Task details:
All that should come back is the lines of the data below from the one containing "y != 0 -> is_herm" to the one containing "have rkE_ge : (r <= \rank E + 1)%N.", inclusive, exactly as they stand.

Records provided:
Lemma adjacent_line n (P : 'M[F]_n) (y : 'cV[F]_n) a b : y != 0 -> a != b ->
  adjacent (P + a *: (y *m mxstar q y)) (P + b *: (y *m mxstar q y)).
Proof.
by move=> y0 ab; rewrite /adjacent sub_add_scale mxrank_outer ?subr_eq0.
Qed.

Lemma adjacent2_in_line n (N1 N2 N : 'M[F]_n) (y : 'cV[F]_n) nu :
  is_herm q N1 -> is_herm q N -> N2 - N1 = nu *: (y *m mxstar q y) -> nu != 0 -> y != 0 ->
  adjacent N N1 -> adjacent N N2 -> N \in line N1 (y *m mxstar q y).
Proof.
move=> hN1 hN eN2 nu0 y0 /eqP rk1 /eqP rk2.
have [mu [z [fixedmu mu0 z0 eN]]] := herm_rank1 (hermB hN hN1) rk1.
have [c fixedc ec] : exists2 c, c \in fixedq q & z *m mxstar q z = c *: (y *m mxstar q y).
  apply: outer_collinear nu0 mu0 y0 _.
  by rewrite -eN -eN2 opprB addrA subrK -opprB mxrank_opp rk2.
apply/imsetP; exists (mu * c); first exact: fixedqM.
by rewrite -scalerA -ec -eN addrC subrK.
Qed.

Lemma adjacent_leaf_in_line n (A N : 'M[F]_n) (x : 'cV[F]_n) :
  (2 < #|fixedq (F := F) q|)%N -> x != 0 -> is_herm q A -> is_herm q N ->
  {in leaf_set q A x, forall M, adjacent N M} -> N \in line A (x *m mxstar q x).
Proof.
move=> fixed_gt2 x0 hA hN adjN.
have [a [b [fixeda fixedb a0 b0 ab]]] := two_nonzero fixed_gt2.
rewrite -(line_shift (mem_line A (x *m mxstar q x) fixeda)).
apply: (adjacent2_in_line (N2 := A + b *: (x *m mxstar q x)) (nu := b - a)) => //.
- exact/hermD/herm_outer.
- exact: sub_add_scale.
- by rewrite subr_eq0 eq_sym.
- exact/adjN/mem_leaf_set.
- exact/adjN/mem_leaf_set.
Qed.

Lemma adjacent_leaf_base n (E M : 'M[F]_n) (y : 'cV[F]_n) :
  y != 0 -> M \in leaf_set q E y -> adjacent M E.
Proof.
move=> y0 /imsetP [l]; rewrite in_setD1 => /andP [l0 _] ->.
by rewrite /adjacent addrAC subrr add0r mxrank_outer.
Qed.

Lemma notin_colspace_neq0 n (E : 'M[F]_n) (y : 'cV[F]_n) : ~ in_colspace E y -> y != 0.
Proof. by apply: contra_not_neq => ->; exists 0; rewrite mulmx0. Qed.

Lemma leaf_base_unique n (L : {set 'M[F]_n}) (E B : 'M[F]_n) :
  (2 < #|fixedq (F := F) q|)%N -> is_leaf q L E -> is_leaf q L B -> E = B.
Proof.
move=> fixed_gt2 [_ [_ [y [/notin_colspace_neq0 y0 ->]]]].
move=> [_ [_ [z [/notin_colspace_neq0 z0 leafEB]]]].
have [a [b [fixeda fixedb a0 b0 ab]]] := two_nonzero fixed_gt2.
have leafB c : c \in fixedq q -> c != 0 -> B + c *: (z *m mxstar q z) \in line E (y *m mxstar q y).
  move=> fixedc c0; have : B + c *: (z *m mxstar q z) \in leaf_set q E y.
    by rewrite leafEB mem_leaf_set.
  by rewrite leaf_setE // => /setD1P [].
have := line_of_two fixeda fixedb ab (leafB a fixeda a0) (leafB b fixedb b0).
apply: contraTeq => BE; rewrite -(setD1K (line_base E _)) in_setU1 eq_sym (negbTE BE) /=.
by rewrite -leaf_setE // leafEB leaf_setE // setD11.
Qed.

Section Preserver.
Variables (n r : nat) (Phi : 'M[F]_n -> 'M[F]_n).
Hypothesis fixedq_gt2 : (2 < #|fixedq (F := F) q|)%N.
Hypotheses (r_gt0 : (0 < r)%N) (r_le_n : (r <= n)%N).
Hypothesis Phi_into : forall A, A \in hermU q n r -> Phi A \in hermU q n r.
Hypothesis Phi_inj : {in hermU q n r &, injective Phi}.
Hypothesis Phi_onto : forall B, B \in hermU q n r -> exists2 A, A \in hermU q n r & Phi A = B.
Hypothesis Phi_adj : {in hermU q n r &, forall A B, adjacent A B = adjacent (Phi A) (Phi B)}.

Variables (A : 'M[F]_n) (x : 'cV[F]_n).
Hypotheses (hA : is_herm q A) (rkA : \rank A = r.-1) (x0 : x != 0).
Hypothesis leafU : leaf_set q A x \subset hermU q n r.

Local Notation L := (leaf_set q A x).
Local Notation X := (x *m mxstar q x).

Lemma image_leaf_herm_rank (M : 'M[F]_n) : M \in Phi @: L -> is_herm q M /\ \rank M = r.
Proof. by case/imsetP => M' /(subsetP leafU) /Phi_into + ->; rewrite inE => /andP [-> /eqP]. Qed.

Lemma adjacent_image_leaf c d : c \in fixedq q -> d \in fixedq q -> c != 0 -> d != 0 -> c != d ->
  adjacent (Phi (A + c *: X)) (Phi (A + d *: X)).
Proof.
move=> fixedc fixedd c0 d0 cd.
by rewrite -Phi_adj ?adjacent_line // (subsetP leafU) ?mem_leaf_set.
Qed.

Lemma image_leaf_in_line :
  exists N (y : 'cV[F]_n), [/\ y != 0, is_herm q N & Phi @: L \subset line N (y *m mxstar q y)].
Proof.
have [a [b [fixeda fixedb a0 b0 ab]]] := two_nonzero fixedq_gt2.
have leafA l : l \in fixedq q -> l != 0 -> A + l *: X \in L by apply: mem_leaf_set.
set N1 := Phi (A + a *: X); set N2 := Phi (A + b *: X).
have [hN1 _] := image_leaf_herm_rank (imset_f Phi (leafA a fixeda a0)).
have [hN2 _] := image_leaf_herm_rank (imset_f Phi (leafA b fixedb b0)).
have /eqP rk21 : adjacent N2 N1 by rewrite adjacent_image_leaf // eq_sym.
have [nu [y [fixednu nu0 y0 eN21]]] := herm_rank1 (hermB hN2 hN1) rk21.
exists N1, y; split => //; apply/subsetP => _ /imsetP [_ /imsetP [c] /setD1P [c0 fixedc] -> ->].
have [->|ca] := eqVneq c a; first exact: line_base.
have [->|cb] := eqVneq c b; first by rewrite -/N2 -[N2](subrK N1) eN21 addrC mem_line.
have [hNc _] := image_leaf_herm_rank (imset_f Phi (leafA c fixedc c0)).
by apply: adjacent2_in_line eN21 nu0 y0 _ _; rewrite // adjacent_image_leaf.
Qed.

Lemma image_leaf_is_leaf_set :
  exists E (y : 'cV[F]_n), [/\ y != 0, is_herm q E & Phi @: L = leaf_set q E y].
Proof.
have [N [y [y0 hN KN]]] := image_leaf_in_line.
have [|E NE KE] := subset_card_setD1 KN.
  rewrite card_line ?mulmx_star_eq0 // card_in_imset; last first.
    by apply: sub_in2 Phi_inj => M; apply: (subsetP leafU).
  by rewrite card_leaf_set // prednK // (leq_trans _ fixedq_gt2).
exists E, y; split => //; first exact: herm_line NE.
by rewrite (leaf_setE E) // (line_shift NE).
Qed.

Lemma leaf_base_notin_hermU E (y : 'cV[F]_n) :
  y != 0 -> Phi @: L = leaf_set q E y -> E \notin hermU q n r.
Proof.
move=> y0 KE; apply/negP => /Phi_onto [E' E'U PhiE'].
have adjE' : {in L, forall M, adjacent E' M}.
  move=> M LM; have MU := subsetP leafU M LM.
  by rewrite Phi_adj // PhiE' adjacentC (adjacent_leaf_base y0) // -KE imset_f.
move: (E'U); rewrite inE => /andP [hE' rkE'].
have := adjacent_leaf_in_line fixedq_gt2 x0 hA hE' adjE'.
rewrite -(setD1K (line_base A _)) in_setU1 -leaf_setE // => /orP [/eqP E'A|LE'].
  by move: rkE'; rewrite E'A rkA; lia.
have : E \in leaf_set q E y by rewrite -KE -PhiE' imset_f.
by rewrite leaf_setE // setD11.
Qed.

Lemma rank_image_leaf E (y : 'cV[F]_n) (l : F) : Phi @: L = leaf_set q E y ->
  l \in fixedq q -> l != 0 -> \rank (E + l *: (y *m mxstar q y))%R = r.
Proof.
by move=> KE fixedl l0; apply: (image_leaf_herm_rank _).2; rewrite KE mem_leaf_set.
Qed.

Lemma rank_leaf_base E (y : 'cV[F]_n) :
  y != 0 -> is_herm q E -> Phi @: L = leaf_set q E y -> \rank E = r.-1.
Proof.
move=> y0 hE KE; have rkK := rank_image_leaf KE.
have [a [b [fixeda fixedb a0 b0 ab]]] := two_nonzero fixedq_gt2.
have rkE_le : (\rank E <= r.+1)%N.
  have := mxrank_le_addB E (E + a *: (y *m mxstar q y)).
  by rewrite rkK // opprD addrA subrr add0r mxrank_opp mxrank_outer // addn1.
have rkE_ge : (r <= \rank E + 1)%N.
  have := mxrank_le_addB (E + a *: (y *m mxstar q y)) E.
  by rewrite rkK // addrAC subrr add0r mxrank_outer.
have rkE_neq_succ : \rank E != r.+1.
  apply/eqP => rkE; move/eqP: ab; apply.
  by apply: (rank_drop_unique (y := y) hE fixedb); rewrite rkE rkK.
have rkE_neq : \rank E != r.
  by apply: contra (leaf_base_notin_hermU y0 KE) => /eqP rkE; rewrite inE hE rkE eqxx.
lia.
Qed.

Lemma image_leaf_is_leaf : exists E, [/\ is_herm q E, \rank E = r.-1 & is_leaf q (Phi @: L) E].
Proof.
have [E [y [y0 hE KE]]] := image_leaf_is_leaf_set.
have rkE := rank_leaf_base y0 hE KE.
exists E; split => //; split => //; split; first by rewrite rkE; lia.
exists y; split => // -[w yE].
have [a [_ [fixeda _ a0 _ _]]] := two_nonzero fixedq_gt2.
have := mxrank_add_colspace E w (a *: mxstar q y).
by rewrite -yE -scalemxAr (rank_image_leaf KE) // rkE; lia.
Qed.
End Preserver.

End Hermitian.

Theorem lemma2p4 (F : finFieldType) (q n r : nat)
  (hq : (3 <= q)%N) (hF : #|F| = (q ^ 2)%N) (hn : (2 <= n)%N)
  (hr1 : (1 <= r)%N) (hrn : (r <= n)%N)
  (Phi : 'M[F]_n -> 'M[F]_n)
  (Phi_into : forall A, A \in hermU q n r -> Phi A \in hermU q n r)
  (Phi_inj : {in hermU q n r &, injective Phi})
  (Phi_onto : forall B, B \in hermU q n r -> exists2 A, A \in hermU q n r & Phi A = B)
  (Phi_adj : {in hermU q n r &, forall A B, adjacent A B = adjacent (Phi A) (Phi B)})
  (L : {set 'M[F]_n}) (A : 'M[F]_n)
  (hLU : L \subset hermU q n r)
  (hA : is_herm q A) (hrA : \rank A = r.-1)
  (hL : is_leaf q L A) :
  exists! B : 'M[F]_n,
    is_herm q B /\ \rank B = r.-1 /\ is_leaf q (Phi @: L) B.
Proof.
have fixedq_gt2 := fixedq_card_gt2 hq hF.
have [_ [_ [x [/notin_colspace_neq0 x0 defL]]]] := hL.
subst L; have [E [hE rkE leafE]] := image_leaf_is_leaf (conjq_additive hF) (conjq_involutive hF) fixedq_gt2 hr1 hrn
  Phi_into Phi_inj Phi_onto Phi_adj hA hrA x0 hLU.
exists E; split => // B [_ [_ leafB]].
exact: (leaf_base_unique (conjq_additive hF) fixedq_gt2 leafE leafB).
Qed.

Answer to the exercise:
  y != 0 -> is_herm q E -> Phi @: L = leaf_set q E y -> \rank E = r.-1.
Proof.
move=> y0 hE KE; have rkK := rank_image_leaf KE.
have [a [b [fixeda fixedb a0 b0 ab]]] := two_nonzero fixedq_gt2.
have rkE_le : (\rank E <= r.+1)%N.
  have := mxrank_le_addB E (E + a *: (y *m mxstar q y)).
  by rewrite rkK // opprD addrA subrr add0r mxrank_opp mxrank_outer // addn1.
have rkE_ge : (r <= \rank E + 1)%N.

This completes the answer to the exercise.